Запомнить накрепко и в зрелости с похабной прямотой отчеканить: «На медицину либо жизнь кладется, либо…» — дать поколениям студентов вырезать вот эту голую сентенцию на крышках парт в аудиториях. Говорить интервьюерам: «Только не надо заливать, заимствовать из общих, проросших миллионы человеческих мозгов скудоумных речей — что, мол, он с детства рвался на помощь страждущему человечеству и, только вставши с четверенек, уже перевязывал лапки подраненным сорокам, грел на груди замерзших воробьев и все такое прочее из газет, что делает из правды пропаганду, подслащивает жизнь, что в чистом виде, так сказать, без специй, невкусна.
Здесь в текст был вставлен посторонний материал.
(* Let $Q$ be a compact metric space, $p_0:Q\to[0,+\infty]$ a function which is not identically $+\infty$, $c:Q\times Q\to[0,+\infty)$ continuous with $c(x,x)=0$ for all $x$, and $f$ a nonnegative Radon measure on $Q$. Let $\mathcal A=\{p:Q\to\overline{\mathbb{R}}\ :\ p\le p_0 \text{ on } Q,\ p \text{ lower semicontinuous on } Q\}$. Then the problem $\max\{F(p)\ :\ p\in\mathcal A\}$ admits a solution $p_{opt}$, where $$F(p)=\int_Q\Big(\max_{y\in T_p(x)}p(y)\Big)\,df(x).$$
   Context: For $p\in\mathcal A$ and $x\in Q$: $v_p(x)=\min_{y\in Q}\{c(x,y)+p(y)\}$ and $T_p(x)=\{y\in Q\ :\ c(x,y)+p(y)=v_p(x)\}$ (the set of locations where a customer living at $x$ optimally buys). The integrand $\max_{y\in T_p(x)}p(y)$ corresponds to the tie-breaking rule that a customer at $x$ chooses, among optimal locations, one maximizing price (equivalently minimizing $c(x,\cdot)$ on $T_p(x)$). *)

From HB Require Import structures.
From mathcomp Require Import all_boot all_order all_algebra.
From mathcomp Require Import all_classical all_reals all_analysis.
Set Implicit Arguments. Unset Strict Implicit. Unset Printing Implicit Defensive.
Import Order.TTheory GRing.Theory Num.Theory.
Import numFieldNormedType.Exports.
Local Open Scope classical_set_scope.
Local Open Scope ring_scope.
Local Open Scope ereal_scope.

Notation borelQ Q := (g_sigma_algebraType (@open Q)).

Section Market.
Context {R : realType} {Q : pseudoPMetricType R}.

Definition vp (c : Q -> Q -> R) (p : Q -> \bar R) (x : Q) : \bar R :=
  ereal_inf [set (c x y)%:E + p y | y in [set: Q]].

Definition Tp (c : Q -> Q -> R) (p : Q -> \bar R) (x : Q) : set Q :=
  [set y | (c x y)%:E + p y = vp c p x].

Definition maxpT (c : Q -> Q -> R) (p : Q -> \bar R) (x : Q) : \bar R :=
  ereal_sup [set p y | y in Tp c p x].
Никому я ничего не перевязывал. То, что меня тянуло изначально, — совершенство немыслимое устройства живого на уровне целого и на уровне частностей самых ничтожных — одно строение поперечно-полосатой мышцы, скажем, под микроскопом чудеснее всей Оружейной палаты. А как дошло до дела, тут я задрожал. Страх перед человеческими внутренностями, перед самим прикосновением к ним хоронил меня заживо. Вот, скажем, запускают вас в анатомический театр и предлагают — так сказать, кто чем интересуется — на выбор — мужчину или дамочку. Поймите меня правильно, но я тогда в мертвецкой предпочитал мужчин. Нет ничего противнее женских трупов, все мышцы пропитаны жиром, он брызжет — желтый, не похожий ни на что. Какое там служение человечеству — бежать, чтоб не стошнило. Даже если не думать обо всем этом по-гамлетовски, то есть не укладывать на оцинкованный по мрамору тяжелый стол себя или свою любовь, сейчас цветущую, то все равно найдется, от чего вам судорожно откатить: вот труп безобразной старухи: приподнимаете его — и палец ваш проваливается… а если, скажем, перед тем как помереть, ваш молчаливый собеседник позабыл покакать…»
Что нужно, чтобы стать дедом? Всего ничего. Убить в себе страх. Вытверживать, вытвердить веру в себе — не в непобедимость смерти, а только в неизбежность поражения. Взять скальпель, как перо, и сделать первый в жизни разрез на полном, будто бы живом бедре обритой наголо татарки, чуть помутиться в чувствах, устоять. Выслушивать отвратные потешки однокурсников над гороховым супом с комбижиром в столовой: «А что это колхозник у нас так увлеченно ест? Вам этот жирок в супчике, коллега, ничего не напоминает?» Рвануться вон, быть вывернутым наизнанку жестоким рвотным приступом. Пудовым кулаком молотобойца свернуть нос самому глумливому — Клязьмевичу, угрозой физической расправы заставить молчать остальных. Погнать себя к анатомическому корпусу как сидорову козу — «из одного врожденного упрямства», «из тех соображений, что одного нельзя себе прощать — ничтожества личных усилий», пытать себя освобождением покойницких кишок и пищеводов, резекцией костей, приготовлением препаратов, едва не задохнуться вдруг от небывалой власти, торжества: все стали перед ним просвечивать насквозь — со всеми мышцами, суставами, костями, со всей картой кровеносных рек, со всеми ветвями обнажившейся рощи нервной системы.